- EXERCISE DESCRIPTION -
Repeat nothing but the lines below running from the one containing "let L := ~: Hv" to the one containing "-> R) -> Prop". Keep both end lines.

- DATA PROVIDED -

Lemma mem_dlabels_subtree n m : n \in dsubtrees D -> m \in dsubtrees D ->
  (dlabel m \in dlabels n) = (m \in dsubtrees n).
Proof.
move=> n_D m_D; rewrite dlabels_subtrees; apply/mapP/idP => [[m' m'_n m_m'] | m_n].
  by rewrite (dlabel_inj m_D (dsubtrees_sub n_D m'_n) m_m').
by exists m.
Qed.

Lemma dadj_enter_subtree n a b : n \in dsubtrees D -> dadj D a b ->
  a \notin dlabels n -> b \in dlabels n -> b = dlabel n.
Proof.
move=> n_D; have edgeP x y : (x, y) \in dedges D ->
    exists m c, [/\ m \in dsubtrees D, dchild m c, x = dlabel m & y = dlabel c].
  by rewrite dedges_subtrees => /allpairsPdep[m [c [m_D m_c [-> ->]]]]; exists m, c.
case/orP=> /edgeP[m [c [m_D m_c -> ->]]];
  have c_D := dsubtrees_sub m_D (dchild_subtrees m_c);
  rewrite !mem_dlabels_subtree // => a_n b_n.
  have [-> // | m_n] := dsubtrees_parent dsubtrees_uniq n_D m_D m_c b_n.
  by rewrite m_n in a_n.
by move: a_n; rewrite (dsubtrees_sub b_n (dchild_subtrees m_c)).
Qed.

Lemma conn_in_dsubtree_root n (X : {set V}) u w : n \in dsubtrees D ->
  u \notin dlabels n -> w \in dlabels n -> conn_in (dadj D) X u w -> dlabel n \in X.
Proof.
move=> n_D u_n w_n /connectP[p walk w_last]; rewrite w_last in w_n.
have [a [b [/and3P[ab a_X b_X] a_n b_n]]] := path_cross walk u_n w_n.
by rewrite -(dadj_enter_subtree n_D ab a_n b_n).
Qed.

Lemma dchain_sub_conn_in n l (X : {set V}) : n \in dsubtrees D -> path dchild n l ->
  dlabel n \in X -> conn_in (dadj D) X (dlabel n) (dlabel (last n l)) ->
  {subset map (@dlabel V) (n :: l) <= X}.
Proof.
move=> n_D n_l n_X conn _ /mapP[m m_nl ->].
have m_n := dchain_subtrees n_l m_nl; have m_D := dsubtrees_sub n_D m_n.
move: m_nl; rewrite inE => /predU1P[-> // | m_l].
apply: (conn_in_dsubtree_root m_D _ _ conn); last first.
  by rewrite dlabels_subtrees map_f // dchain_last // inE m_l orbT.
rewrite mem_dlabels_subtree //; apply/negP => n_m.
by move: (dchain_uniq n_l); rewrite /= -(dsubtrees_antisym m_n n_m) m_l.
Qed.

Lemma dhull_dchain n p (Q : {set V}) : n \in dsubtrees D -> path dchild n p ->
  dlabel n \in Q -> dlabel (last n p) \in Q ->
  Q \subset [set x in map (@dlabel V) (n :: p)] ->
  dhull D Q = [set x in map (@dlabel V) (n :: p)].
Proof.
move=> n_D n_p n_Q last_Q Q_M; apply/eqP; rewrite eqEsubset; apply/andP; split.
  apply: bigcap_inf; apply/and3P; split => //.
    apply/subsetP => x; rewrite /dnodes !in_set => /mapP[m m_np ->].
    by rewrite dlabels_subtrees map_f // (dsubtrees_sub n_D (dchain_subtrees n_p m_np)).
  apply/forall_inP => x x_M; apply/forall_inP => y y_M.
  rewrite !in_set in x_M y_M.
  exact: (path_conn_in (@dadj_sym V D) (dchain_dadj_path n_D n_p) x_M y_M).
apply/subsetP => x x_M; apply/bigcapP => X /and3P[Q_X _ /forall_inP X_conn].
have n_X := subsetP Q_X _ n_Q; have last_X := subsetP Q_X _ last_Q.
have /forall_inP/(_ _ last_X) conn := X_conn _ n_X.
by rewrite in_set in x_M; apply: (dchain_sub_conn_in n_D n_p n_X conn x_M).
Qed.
==
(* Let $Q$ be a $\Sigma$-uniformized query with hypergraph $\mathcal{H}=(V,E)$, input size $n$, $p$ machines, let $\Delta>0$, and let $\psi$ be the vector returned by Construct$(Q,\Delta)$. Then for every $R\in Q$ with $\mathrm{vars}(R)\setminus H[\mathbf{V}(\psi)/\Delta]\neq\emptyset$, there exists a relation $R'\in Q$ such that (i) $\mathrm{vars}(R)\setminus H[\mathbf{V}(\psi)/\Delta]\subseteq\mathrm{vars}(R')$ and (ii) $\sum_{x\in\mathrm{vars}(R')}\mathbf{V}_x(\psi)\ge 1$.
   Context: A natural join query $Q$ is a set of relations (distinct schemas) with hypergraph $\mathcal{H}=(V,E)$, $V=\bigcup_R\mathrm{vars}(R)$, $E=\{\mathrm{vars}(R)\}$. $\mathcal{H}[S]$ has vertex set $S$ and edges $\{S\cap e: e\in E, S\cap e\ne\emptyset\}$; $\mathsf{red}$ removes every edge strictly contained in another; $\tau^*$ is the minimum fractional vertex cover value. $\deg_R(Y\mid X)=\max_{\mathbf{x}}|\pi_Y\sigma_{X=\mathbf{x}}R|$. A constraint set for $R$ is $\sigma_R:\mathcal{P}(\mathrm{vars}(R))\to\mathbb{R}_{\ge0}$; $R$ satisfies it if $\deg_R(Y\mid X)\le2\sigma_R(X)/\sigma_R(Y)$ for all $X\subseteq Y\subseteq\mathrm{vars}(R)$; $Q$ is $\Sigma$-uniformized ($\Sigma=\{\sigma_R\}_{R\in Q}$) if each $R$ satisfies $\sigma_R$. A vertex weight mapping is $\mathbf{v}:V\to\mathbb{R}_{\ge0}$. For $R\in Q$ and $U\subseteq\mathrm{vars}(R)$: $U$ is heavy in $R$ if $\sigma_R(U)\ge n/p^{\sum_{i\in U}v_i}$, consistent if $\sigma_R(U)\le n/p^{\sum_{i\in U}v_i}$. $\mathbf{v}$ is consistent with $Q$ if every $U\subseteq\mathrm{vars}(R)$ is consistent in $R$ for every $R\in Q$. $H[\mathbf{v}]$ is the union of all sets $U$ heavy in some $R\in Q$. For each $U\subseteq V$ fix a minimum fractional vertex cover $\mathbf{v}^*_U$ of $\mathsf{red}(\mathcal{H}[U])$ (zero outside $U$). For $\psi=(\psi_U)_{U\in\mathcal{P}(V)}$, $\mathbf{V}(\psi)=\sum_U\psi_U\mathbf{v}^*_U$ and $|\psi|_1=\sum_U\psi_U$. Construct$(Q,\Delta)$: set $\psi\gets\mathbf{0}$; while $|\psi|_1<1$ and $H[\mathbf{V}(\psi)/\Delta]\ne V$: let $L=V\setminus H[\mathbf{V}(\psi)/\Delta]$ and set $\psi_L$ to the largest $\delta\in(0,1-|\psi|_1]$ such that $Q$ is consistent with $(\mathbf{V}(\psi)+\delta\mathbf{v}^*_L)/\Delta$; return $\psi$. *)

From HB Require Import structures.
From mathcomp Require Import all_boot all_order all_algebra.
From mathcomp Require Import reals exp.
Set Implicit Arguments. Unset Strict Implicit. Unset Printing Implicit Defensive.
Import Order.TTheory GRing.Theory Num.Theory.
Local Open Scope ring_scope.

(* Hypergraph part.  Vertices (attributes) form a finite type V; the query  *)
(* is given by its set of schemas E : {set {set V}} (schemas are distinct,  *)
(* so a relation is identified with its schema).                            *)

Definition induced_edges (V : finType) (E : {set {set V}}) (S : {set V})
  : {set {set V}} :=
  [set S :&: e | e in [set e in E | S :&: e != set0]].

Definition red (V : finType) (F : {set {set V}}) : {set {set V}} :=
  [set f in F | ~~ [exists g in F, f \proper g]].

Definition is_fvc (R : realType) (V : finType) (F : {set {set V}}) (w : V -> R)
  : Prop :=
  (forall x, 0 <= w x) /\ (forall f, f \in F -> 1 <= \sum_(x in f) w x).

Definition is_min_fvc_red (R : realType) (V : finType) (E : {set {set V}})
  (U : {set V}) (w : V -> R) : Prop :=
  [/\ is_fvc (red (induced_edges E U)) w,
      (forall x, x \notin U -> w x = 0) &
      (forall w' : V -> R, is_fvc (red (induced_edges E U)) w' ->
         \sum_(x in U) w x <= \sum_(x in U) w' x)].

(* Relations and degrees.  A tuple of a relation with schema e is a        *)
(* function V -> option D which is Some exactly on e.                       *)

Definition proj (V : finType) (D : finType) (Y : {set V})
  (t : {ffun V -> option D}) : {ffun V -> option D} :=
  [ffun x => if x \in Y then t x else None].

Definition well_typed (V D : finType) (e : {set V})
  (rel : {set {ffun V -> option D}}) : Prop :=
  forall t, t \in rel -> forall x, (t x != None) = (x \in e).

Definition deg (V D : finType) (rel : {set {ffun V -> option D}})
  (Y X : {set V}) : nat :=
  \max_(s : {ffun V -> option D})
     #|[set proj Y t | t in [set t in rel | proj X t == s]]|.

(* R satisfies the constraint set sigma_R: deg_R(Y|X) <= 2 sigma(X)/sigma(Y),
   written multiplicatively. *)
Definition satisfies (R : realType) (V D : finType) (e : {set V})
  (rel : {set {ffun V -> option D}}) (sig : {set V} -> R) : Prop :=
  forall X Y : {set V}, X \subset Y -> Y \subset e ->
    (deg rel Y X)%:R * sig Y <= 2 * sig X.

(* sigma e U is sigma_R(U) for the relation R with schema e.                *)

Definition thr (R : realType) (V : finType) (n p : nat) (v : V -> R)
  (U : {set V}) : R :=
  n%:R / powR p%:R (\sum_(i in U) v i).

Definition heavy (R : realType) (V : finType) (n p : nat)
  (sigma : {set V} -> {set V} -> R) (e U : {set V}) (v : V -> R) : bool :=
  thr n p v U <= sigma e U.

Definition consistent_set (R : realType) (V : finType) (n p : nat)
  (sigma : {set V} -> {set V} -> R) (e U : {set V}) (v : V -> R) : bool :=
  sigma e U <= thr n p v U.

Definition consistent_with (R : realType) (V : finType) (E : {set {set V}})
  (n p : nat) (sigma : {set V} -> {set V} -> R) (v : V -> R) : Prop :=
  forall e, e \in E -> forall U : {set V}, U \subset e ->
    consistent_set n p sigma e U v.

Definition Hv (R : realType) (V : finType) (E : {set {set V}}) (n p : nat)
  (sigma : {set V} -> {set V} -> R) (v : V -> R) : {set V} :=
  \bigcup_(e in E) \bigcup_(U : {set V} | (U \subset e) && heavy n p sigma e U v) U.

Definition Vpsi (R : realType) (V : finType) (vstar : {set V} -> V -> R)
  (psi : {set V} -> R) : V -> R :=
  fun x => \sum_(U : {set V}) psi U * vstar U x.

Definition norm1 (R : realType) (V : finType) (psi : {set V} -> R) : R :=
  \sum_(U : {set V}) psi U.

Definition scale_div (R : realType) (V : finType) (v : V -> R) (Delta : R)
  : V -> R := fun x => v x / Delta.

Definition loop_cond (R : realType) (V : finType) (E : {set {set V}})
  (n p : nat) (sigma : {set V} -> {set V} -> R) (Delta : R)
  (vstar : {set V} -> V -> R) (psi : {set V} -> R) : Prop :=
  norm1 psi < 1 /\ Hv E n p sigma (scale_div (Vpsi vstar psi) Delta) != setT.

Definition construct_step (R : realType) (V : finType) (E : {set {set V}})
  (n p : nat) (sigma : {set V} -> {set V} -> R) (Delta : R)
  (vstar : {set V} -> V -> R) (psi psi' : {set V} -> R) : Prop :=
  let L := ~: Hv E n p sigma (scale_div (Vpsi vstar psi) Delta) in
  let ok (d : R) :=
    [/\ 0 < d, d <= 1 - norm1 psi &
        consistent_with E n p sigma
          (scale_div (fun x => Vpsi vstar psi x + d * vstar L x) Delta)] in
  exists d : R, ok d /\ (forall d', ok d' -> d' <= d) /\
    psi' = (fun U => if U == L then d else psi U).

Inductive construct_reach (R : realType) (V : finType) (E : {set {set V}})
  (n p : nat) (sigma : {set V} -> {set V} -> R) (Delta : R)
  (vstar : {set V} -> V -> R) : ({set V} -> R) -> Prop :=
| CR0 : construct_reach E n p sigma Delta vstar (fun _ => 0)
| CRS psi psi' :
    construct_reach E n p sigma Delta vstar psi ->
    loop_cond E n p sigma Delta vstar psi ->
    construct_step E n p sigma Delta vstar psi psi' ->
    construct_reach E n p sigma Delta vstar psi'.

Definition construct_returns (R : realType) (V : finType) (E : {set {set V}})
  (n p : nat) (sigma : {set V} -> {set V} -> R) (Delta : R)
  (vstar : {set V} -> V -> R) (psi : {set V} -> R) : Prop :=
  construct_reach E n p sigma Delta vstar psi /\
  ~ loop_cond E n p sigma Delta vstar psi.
* * *
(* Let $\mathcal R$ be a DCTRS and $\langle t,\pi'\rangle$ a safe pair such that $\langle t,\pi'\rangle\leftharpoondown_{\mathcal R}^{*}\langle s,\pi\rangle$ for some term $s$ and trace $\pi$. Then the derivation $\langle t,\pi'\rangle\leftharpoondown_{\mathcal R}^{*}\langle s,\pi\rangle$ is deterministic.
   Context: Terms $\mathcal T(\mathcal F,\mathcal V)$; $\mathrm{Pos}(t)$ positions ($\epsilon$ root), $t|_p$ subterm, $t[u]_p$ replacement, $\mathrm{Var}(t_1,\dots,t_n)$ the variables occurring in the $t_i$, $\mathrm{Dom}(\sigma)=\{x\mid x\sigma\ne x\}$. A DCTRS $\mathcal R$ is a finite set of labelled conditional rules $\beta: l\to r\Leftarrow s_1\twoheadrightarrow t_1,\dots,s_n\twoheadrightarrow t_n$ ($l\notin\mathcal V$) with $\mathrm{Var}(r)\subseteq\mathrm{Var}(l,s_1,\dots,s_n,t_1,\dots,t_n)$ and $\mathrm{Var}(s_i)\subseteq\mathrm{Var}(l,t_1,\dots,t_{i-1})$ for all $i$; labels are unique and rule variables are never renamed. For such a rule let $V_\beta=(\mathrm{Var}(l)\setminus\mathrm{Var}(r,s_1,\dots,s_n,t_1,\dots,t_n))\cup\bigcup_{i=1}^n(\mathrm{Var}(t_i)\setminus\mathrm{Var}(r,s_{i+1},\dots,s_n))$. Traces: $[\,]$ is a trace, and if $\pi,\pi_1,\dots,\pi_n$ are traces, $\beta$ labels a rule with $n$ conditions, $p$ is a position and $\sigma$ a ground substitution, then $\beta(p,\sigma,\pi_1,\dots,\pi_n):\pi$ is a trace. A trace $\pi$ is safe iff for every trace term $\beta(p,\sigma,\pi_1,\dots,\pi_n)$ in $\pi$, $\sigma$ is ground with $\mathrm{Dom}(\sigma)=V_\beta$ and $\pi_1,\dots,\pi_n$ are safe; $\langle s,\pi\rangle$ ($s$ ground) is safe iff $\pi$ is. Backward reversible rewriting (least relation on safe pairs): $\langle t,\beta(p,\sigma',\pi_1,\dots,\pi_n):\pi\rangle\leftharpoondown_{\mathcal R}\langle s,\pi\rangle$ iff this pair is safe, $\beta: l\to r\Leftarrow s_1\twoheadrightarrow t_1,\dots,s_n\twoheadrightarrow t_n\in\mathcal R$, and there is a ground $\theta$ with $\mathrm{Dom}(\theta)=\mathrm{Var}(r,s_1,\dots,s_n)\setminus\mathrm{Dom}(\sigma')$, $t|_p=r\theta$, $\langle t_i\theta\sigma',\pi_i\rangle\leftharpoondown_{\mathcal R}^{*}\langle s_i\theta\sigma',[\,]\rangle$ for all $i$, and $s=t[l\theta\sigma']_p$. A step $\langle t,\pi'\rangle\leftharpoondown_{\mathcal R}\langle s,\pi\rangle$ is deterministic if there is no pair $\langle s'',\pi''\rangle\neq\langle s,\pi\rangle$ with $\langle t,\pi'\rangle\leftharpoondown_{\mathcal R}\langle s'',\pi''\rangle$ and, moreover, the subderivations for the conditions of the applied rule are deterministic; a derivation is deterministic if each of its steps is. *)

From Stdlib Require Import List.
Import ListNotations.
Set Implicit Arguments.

- RESPONSE -
  let L := ~: Hv E n p sigma (scale_div (Vpsi vstar psi) Delta) in
  let ok (d : R) :=
    [/\ 0 < d, d <= 1 - norm1 psi &
        consistent_with E n p sigma
          (scale_div (fun x => Vpsi vstar psi x + d * vstar L x) Delta)] in
  exists d : R, ok d /\ (forall d', ok d' -> d' <= d) /\
    psi' = (fun U => if U == L then d else psi U).

Inductive construct_reach (R : realType) (V : finType) (E : {set {set V}})
  (n p : nat) (sigma : {set V} -> {set V} -> R) (Delta : R)
  (vstar : {set V} -> V -> R) : ({set V} -> R) -> Prop :=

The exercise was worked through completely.